We paid the bill, probably the most expensive meal we had had, but still not overpriced, and really good food. There was no internet available so we couldn’t call an Uber, the tide was coming in so we couldn’t walk back along the beach; not that we would want to go back the way we came! So we headed inland through the Jumba ruins, where there was a wedding in progress, in the hope of finding a tuk tuk or calling an Uber. We were in luck! There was a tuk tuk just outside the ruins, and the driver was very happy to take us back to Nyali, the 10 kilometers being a good fare for him. It was only when we were almost halfway home, and realizing that he had been taking several calls on his phone during the journey, that we thought he might have been part of the wedding party and maybe this was the bride or groom calling him to get is arse back there, the wedding almost over! Not sure, but he certainly gunned it to our apartment.

As we took our daily walks along the beaches, we would come across holiday resorts that were closed down due to COVID. It was haunting to see the deterioration of these places after only almost one year of no business, no customers and therefore no maintenance. Sometimes it felt like we were walking on the beach after an apocalyptic event. Sometimes a ghostly figure would be standing against the crumbling pillars of a balcony, once graced by flowerpots and the rich and famous. These figures were dressed in rags, probably camping out in these empty shells, the stone structure offering better shelter than the jerrybuilt corrugated huts called home. We had to keep reminding ourselves that we were seeing Kenya in the time of COVID and that in normal times perhaps it wasn’t as unkempt, derelict and desperate as we were seeing it now.

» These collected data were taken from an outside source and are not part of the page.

(* Let $(F_E,\xi,\eta,g_E)$ be an almost contact Riemannian structure on a Lie algebroid $(E,\rho_E,[\cdot,\cdot]_E)$ of rank $2m+1$, with Levi-Civita connection $\nabla$ of $g_E$. Then $(F_E,\xi,\eta,g_E)$ is Sasakian (i.e. $d_E\eta=\Omega_E$ and $N_{F_E}+2\,d_E\eta\otimes\xi=0$) if and only if $$(\nabla_{s_1}F_E)s_2=g_E(s_1,s_2)\xi-\eta(s_2)s_1\quad\text{for all }s_1,s_2\in\Gamma(E).$$
   Context: A Lie algebroid $(E,\rho_E,[\cdot,\cdot]_E)$ over $M$ is a vector bundle with anchor $\rho_E:E\to TM$ and Lie bracket on $\Gamma(E)$ with $[s_1,fs_2]_E=f[s_1,s_2]_E+\rho_E(s_1)(f)s_2$. For a 1-form $\eta$, $(d_E\eta)(s_1,s_2)=\frac12\{\rho_E(s_1)(\eta(s_2))-\rho_E(s_2)(\eta(s_1))-\eta([s_1,s_2]_E)\}$. An almost contact Riemannian structure $(F_E,\xi,\eta,g_E)$: endomorphism $F_E$, $\xi\in\Gamma(E)$, $\eta\in\Gamma(E^* )$, bundle metric $g_E$ with $F_E^2=-I_E+\eta\otimes\xi$, $\eta(\xi)=1$, $g_E(F_Es_1,F_Es_2)=g_E(s_1,s_2)-\eta(s_1)\eta(s_2)$; fundamental form $\Omega_E(s_1,s_2)=g_E(s_1,F_Es_2)$. $N_{F_E}(s_1,s_2)=[F_Es_1,F_Es_2]_E-F_E[F_Es_1,s_2]_E-F_E[s_1,F_Es_2]_E+F_E^2[s_1,s_2]_E$. The Levi-Civita connection $\nabla$ is the unique $E$-connection ($\nabla_{fs}s'=f\nabla_ss'$, $\nabla_s(fs')=f\nabla_ss'+\rho_E(s)(f)s'$) that is torsion-free ($\nabla_{s_1}s_2-\nabla_{s_2}s_1=[s_1,s_2]_E$) and metric ($\rho_E(s)(g_E(s_1,s_2))=g_E(\nabla_ss_1,s_2)+g_E(s_1,\nabla_ss_2)$); $(\nabla_sF_E)s'=\nabla_s(F_Es')-F_E(\nabla_ss')$. *)

(* Lie algebroids are modelled through their module of smooth sections:
   the rank-n bundle E is (set-theoretically) identified fibrewise with
   'rV[R]_n, a section is a map M -> 'rV_n, and the smooth structure is
   encoded by the predicates C (smooth functions) and Gam (smooth sections). *)
From HB Require Import structures.
From mathcomp Require Import all_boot all_order all_algebra.
From mathcomp Require Import reals.
Set Implicit Arguments. Unset Strict Implicit. Unset Printing Implicit Defensive.
Import Order.TTheory GRing.Theory Num.Theory.
Local Open Scope ring_scope.

Section LieAlgebroidDefs.
Variables (R : realType) (M : Type) (n : nat).

Definition fn := M -> R.
Definition sec := M -> 'rV[R]_n.

Definition fcst (c : R) : fn := fun _ => c.
Definition fadd (f h : fn) : fn := fun x => f x + h x.
Definition fmul (f h : fn) : fn := fun x => f x * h x.
Definition fopp (f : fn) : fn := fun x => - f x.
Definition sadd (s1 s2 : sec) : sec := fun x => s1 x + s2 x.
Definition sopp (s : sec) : sec := fun x => - s x.
Definition szero : sec := fun _ => 0.
Definition sscale (f : fn) (s : sec) : sec := fun x => f x *: s x.

Definition fun_ring (C : fn -> Prop) : Prop :=
  [/\ forall c, C (fcst c),
      forall f h, C f -> C h -> C (fadd f h),
      forall f h, C f -> C h -> C (fmul f h) &
      forall f, C f -> C (fopp f)].

Definition section_module (C : fn -> Prop) (Gam : sec -> Prop) : Prop :=
  [/\ Gam szero,
      forall s1 s2, Gam s1 -> Gam s2 -> Gam (sadd s1 s2),
      forall f s, C f -> Gam s -> Gam (sscale f s) &
      forall x (v : 'rV[R]_n), exists s, Gam s /\ s x = v].

Definition lie_algebroid (C : fn -> Prop) (Gam : sec -> Prop)
    (rho : sec -> fn -> fn) (br : sec -> sec -> sec) : Prop :=
  [/\ fun_ring C, section_module C Gam,
    ([/\ forall s f, Gam s -> C f -> C (rho s f),
        forall s1 s2 f, Gam s1 -> Gam s2 -> C f ->
          rho (sadd s1 s2) f = fadd (rho s1 f) (rho s2 f) &
        forall h s f, C h -> Gam s -> C f ->
          rho (sscale h s) f = fmul h (rho s f)] /\
    [/\ forall s c f, Gam s -> C f ->
          rho s (fmul (fcst c) f) = fmul (fcst c) (rho s f),
        forall s f h, Gam s -> C f -> C h ->
          rho s (fadd f h) = fadd (rho s f) (rho s h) &
        forall s f h, Gam s -> C f -> C h ->
          rho s (fmul f h) = fadd (fmul f (rho s h)) (fmul h (rho s f))]),
    [/\ forall s1 s2, Gam s1 -> Gam s2 -> Gam (br s1 s2),
        forall s1 s2 s3, Gam s1 -> Gam s2 -> Gam s3 ->
          br s1 (sadd s2 s3) = sadd (br s1 s2) (br s1 s3),
        forall s1 s2, Gam s1 -> Gam s2 -> br s1 s2 = sopp (br s2 s1) &
        forall s1 s2 s3, Gam s1 -> Gam s2 -> Gam s3 ->
          sadd (br s1 (br s2 s3)) (sadd (br s2 (br s3 s1)) (br s3 (br s1 s2)))
            = szero] &
    ((forall s1 f s2, Gam s1 -> C f -> Gam s2 ->
       br s1 (sscale f s2) = sadd (sscale f (br s1 s2)) (sscale (rho s1 f) s2)) /\
    (forall s1 s2 f, Gam s1 -> Gam s2 -> C f ->
       rho (br s1 s2) f = fadd (rho s1 (rho s2 f)) (fopp (rho s2 (rho s1 f)))))].

(* Pointwise tensor data: F_E(x) acts on row vectors by v |-> v *m F x,
   eta_x(v) = (v *m eta x) 0 0, g_x(u,v) = (u *m g x *m v^T) 0 0. *)
Variables (F : M -> 'M[R]_n) (xi : sec) (eta : M -> 'cV[R]_n)
          (g : M -> 'M[R]_n).

Definition sF (s : sec) : sec := fun x => s x *m F x.
Definition seta (s : sec) : fn := fun x => (s x *m eta x) 0 0.
Definition sg (s1 s2 : sec) : fn := fun x => (s1 x *m g x *m (s2 x)^T) 0 0.
Definition Omega (s1 s2 : sec) : fn := sg s1 (sF s2).

Definition almost_contact_riemannian (C : fn -> Prop) (Gam : sec -> Prop) : Prop :=
  [/\ Gam xi,
      forall s, Gam s -> Gam (sF s),
      forall s, Gam s -> C (seta s),
      forall s1 s2, Gam s1 -> Gam s2 -> C (sg s1 s2) &
      forall x,
      [/\ F x *m F x = - 1%:M + eta x *m xi x,
          (xi x *m eta x) 0 0 = 1,
          F x *m g x *m (F x)^T = g x - eta x *m (eta x)^T,
          (g x)^T = g x &
          forall v : 'rV[R]_n, v != 0 -> 0 < (v *m g x *m v^T) 0 0]].

Variables (rho : sec -> fn -> fn) (br : sec -> sec -> sec).

Definition d_eta (s1 s2 : sec) : fn :=
  fun x => 2^-1 * (rho s1 (seta s2) x - rho s2 (seta s1) x - seta (br s1 s2) x).
(* Let $(G,\cdot)$ be a loop with identity $e$ and let $(H,\cdot)$ be a non-trivial subloop of $G$ such that $(xs\cdot z)s=x(sz\cdot s)$ for all $x,z\in G$ and $s\in H$. Then $$xs^m\cdot s^n=xs^{m+n}$$ for all $x\in G$, $s\in H$ and $m,n\in\mathbb{Z}$.
   Context: Juxtaposition binds more tightly than $\cdot$. For $s\in H$, the left and right inverses of $s$ coincide under the hypothesis; denote this common inverse by $s^{-1}$. Powers of $s\in H$ are defined by $s^0=e$, $s^n=s^{n-1}\cdot s$ for $n>0$, and $s^n=(s^{-1})^{|n|}$ for $n<0$. *)

(* Loops are given equationally: a binary operation with
   identity e and left/right divisions. *)
From Stdlib Require Import ZArith.

Section Loops.
Variables (G : Type) (mul ldiv rdiv : G -> G -> G) (e : G).

Definition is_loop : Prop :=
  (forall x, mul e x = x) /\ (forall x, mul x e = x) /\
  (forall a b, mul a (ldiv a b) = b) /\ (forall a b, ldiv a (mul a b) = b) /\
  (forall a b, mul (rdiv b a) a = b) /\ (forall a b, rdiv (mul b a) a = b).

Definition is_subloop (H : G -> Prop) : Prop :=
  H e /\ (forall a b, H a -> H b -> H (mul a b)) /\
  (forall a b, H a -> H b -> H (ldiv a b)) /\
  (forall a b, H a -> H b -> H (rdiv a b)).

Definition nontrivial (H : G -> Prop) : Prop := exists s, H s /\ s <> e.

(* The (right) inverse of s: the unique t with s t = e. *)
Definition linv (s : G) : G := ldiv s e.

Fixpoint npow (s : G) (n : nat) : G :=
  match n with O => e | S k => mul (npow s k) s end.

Definition zpow (s : G) (n : Z) : G :=
  match n with
  | Z0 => e
  | Zpos p => npow s (Pos.to_nat p)
  | Zneg p => npow (linv s) (Pos.to_nat p)
  end.
End Loops.

(* Right multiplication R_s : y |-> y s is a bijection of G with inverse
   R_(s^-1): by the Bol identity ((y s) s^-1) s = y ((s s^-1) s) = y s.  The Bol
   identity also gives s^(n+1) = s s^n and hence, by a two-step induction,
   x s^n = R_s^n x; the same holds for s^-1, which lies in H.  So x s^k is the
   k-th integer iterate of R_s applied to x, and x s^m . s^n = x s^(m+n) is the
   additivity of integer iterates of a bijection. *)
From Stdlib Require Import ZArith Lia.

Section IntegerIterates.
Variables (T : Type) (f g : T -> T).
Hypothesis fK : forall y, f (g y) = y.
Hypothesis gK : forall y, g (f y) = y.

(* [iter_diff a b] stands for f^(a - b), with an integer difference. *)
Definition iter_diff (a b : nat) (x : T) : T := Nat.iter a f (Nat.iter b g x).

Lemma iter_diff_succ a b x : iter_diff (S a) (S b) x = iter_diff a b x.
Proof. unfold iter_diff. now rewrite Nat.iter_succ_r, Nat.iter_succ, fK. Qed.

Lemma iter_diff_addn a b d x : iter_diff (a + d) (b + d) x = iter_diff a b x.
Proof.
  induction d as [|d IHd]; [now rewrite !Nat.add_0_r|].
  now rewrite !Nat.add_succ_r, iter_diff_succ.
Qed.

Lemma iter_diff_eq a b c d x : a + d = c + b -> iter_diff a b x = iter_diff c d x.
Proof.
  intros Hsum. rewrite <- (iter_diff_addn a b d), Hsum, <- (iter_diff_addn c d b).
  now rewrite (Nat.add_comm d b).
Qed.

Lemma f_iter_g_comm b y : f (Nat.iter b g y) = Nat.iter b g (f y).
Proof.
  induction b as [|b IHb]; simpl; [reflexivity|].
  now rewrite fK, <- IHb, gK.
Qed.

Lemma iter_f_g_comm a b x :
  Nat.iter a f (Nat.iter b g x) = Nat.iter b g (Nat.iter a f x).
Proof.
  induction a as [|a IHa]; simpl; [reflexivity|].
  now rewrite IHa, f_iter_g_comm.
Qed.

Lemma iter_diff_comp a b c d x :
  iter_diff a b (iter_diff c d x) = iter_diff (a + c) (b + d) x.
Proof.
  unfold iter_diff. now rewrite <- (iter_f_g_comm c b), !Nat.iter_add.
Qed.

Definition ziter (k : Z) (x : T) : T := iter_diff (Z.to_nat k) (Z.to_nat (- k)) x.

Lemma ziter_add m n x : ziter n (ziter m x) = ziter (m + n) x.
Proof. unfold ziter. rewrite iter_diff_comp. apply iter_diff_eq. lia. Qed.

End IntegerIterates.

Section RightBol.
Variables (G : Type) (mul ldiv rdiv : G -> G -> G) (e : G).
Hypothesis loop : is_loop G mul ldiv rdiv e.

Definition right_bol_at (a : G) : Prop :=
  forall x z, mul (mul (mul x a) z) a = mul x (mul (mul a z) a).

Let rmul (a : G) : G -> G := fun y => mul y a.

Lemma mul_npow a n x :
  right_bol_at a -> mul x (npow G mul e a n) = Nat.iter n (rmul a) x.
Proof.
  intros bol; destruct loop as [mul1g [mulg1 _]].
  enough (two_step : forall n, (forall x, mul x (npow G mul e a n) = Nat.iter n (rmul a) x)
                            /\ (forall x, mul x (npow G mul e a (S n)) = Nat.iter (S n) (rmul a) x))
    by apply two_step.
  clear n x; intros n; induction n as [|n [IHn IHSn]].
  - split; intros x; simpl; [apply mulg1 | now rewrite mul1g].
  - split; [exact IHSn|]; intros x.
    assert (npow_succ_l : npow G mul e a (S n) = mul a (npow G mul e a n)).
    { rewrite <- (mul1g (npow G mul e a (S n))), IHSn, Nat.iter_succ_r, IHn.
      unfold rmul; now rewrite mul1g. }
    change (npow G mul e a (S (S n))) with (mul (npow G mul e a (S n)) a).
    rewrite npow_succ_l, <- bol, IHn.
    now rewrite (Nat.iter_succ_r (S n)), Nat.iter_succ.
Qed.

Variable s : G.
Hypothesis bol_s : right_bol_at s.

Lemma rmul_linvK y : mul (mul y s) (linv G ldiv e s) = y.
Proof.
  destruct loop as [mul1g [_ [mul_ldiv [_ [_ rdiv_mul]]]]].
  rewrite <- (rdiv_mul s (mul (mul y s) (linv G ldiv e s))), bol_s.
  unfold linv; now rewrite mul_ldiv, mul1g, rdiv_mul.
Qed.

Lemma rmul_linvVK y : mul (mul y (linv G ldiv e s)) s = y.
Proof.
  destruct loop as [_ [_ [_ [_ [mul_rdiv _]]]]].
  rewrite <- (mul_rdiv s y) at 1. now rewrite rmul_linvK.
Qed.

Hypothesis bol_linv : right_bol_at (linv G ldiv e s).

Lemma mul_zpow k x :
  mul x (zpow G mul ldiv e s k) = ziter G (rmul s) (rmul (linv G ldiv e s)) k x.
Proof.
  destruct loop as [_ [mulg1 _]].
  unfold ziter, iter_diff; destruct k; simpl.
  - apply mulg1.
  - now apply mul_npow.
  - now apply mul_npow.
Qed.

Lemma mul_zpowD x m n :
  mul (mul x (zpow G mul ldiv e s m)) (zpow G mul ldiv e s n)
  = mul x (zpow G mul ldiv e s (m + n)).
Proof.
  rewrite !mul_zpow. apply ziter_add; intros y; [apply rmul_linvVK | apply rmul_linvK].
Qed.

End RightBol.

Theorem theorem3p3 (G : Type) (mul ldiv rdiv : G -> G -> G) (e : G)
  (H : G -> Prop) :
  is_loop G mul ldiv rdiv e ->
  is_subloop G mul ldiv rdiv e H ->
  nontrivial G e H ->
  (forall x z s, H s -> mul (mul (mul x s) z) s = mul x (mul (mul s z) s)) ->
  forall (x s : G) (m n : Z), H s ->
    mul (mul x (zpow G mul ldiv e s m)) (zpow G mul ldiv e s n)
    = mul x (zpow G mul ldiv e s (m + n)).
Proof.
  intros loop [He [_ [H_ldiv _]]] _ bol x s m n Hs.
  assert (H_linv : H (linv G ldiv e s)) by (apply H_ldiv; assumption).
  apply (mul_zpowD G mul ldiv rdiv e loop); intros y z; now apply bol.
Qed.
(* Let $d\ge 2$ and $n\ge 1$ be integers and let $M_x=\{|\phi_x^a\rangle: a=1,\ldots,d\}$, $x=1,\ldots,n$, be a set of mutually unbiased orthonormal bases of $\mathbb{C}^d$. Define the steering functional $F=\{F_x^a\}$ by $F_x^a=|\phi_x^a\rangle\langle\phi_x^a|$ for $x=1,\ldots,n$, $a=1,\ldots,d$. Then $$V(F)\ \ge\ \frac{n\sqrt{d}}{n+1+\sqrt{d}}.$$
   Context: Two orthonormal bases $\{|\phi_1^a\rangle\}_{a=1}^d$, $\{|\phi_2^b\rangle\}_{b=1}^d$ of $\mathbb{C}^d$ are mutually unbiased if $|\langle\phi_1^a|\phi_2^b\rangle|=1/\sqrt{d}$ for all $a,b$; a set of bases is a set of MUBs if every two distinct bases in it are mutually unbiased. An $(n,m,d)$-assemblage is a family $\sigma=\{\sigma_x^a: x=1,\ldots,n,\ a=1,\ldots,m\}$ of positive semidefinite operators on $\mathbb{C}^d$ such that $\sum_a\sigma_x^a$ does not depend on $x$ and has trace $1$; $\mathcal{Q}$ is the set of all such assemblages. An assemblage has a local hidden state (LHS) model if there exist a finite index set $\Lambda$, weights $q_\lambda\ge0$ with $\sum_\lambda q_\lambda=1$, density matrices $\sigma_\lambda$ on $\mathbb{C}^d$, and probability distributions $\{p_\lambda(a|x)\}_a$ for each $x,\lambda$, such that $\sigma_x^a=\sum_{\lambda}q_\lambda p_\lambda(a|x)\sigma_\lambda$ for all $x,a$; $\mathcal{L}$ is the set of such assemblages. For a steering functional $F=\{F_x^a\}$ (a family of $d\times d$ matrices), $\langle F,\sigma\rangle=\mathrm{Tr}\big(\sum_{x,a}F_x^a\sigma_x^a\big)$, $S_{LHS}(F)=\sup\{|\langle F,\sigma\rangle|:\sigma\in\mathcal{L}\}$, $S_Q(F)=\sup\{|\langle F,\sigma\rangle|:\sigma\in\mathcal{Q}\}$, and the quantum violation is $V(F)=S_Q(F)/S_{LHS}(F)$. *)

From HB Require Import structures.
From mathcomp Require Import all_boot all_order all_algebra.
From mathcomp Require Import complex.
From mathcomp Require Import boolp classical_sets reals.
Set Implicit Arguments. Unset Strict Implicit. Unset Printing Implicit Defensive.
Import Order.TTheory GRing.Theory Num.Theory.
Local Open Scope ring_scope.
Local Open Scope complex_scope.

Section Steering.
Variable R : realType.
Local Notation C := R[i].

Definition adjmx (m k : nat) (A : 'M[C]_(m, k)) : 'M[C]_(k, m) :=
  (map_mx Num.conj A)^T.

Definition psd (d : nat) (A : 'M[C]_d) : Prop :=
  adjmx A = A /\ forall v : 'cV[C]_d, 0 <= (adjmx v *m A *m v) 0 0.

Definition density (d : nat) (rho : 'M[C]_d) : Prop :=
  psd rho /\ \tr rho = 1.

Definition assemblage (n m d : nat) (sigma : 'I_n -> 'I_m -> 'M[C]_d) : Prop :=
  (forall x a, psd (sigma x a)) /\
  exists rho : 'M[C]_d, (forall x, \sum_(a < m) sigma x a = rho) /\ \tr rho = 1.

(* LHS model with finite hidden-variable set 'I_k *)
Definition has_LHS (n m d : nat) (sigma : 'I_n -> 'I_m -> 'M[C]_d) : Prop :=
  exists (k : nat) (q : 'I_k -> R) (rho : 'I_k -> 'M[C]_d)
         (p : 'I_k -> 'I_n -> 'I_m -> R),
    (forall l, 0 <= q l) /\ \sum_(l < k) q l = 1 /\
    (forall l, density (rho l)) /\
    (forall l x a, 0 <= p l x a) /\ (forall l x, \sum_(a < m) p l x a = 1) /\
    (forall x a, sigma x a = \sum_(l < k) ((q l * p l x a)%:C *: rho l)).

Definition pairing (n m d : nat) (F sigma : 'I_n -> 'I_m -> 'M[C]_d) : C :=
  \tr (\sum_(x < n) \sum_(a < m) (F x a *m sigma x a)).

Definition S_LHS (n m d : nat) (F : 'I_n -> 'I_m -> 'M[C]_d) : R :=
  sup [set r : R | exists sigma, has_LHS sigma /\ r = Normc.normc (pairing F sigma)].

Definition S_Q (n m d : nat) (F : 'I_n -> 'I_m -> 'M[C]_d) : R :=
  sup [set r : R | exists sigma, assemblage sigma /\ r = Normc.normc (pairing F sigma)].

Definition violation (n m d : nat) (F : 'I_n -> 'I_m -> 'M[C]_d) : R :=
  S_Q F / S_LHS F.

Definition orthonormal_basis (d : nat) (phi : 'I_d -> 'cV[C]_d) : Prop :=
  forall a b, (adjmx (phi a) *m phi b) 0 0 = (a == b)%:R.

Definition mutually_unbiased (d : nat) (phi psi : 'I_d -> 'cV[C]_d) : Prop :=
  forall a b, Normc.normc ((adjmx (phi a) *m psi b) 0 0) = 1 / Num.sqrt (d%:R).

End Steering.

We kept ourselves busy with shopping, walking the beach, reading, writing and the days flew by. Soon we were packing again to start our housesit. Queen, always around, sitting in the parking lot which I suggested was her office, watching the comings and goings of the residents in the block, said a loud and hearty goodbye and hoped we’d be back. Bags loaded in the Uber, a tuk tuk not suitable for all our baggage, we waved to all the staff we had come to know over the week and looked forward to our new digs and the last leg of our amazing journey!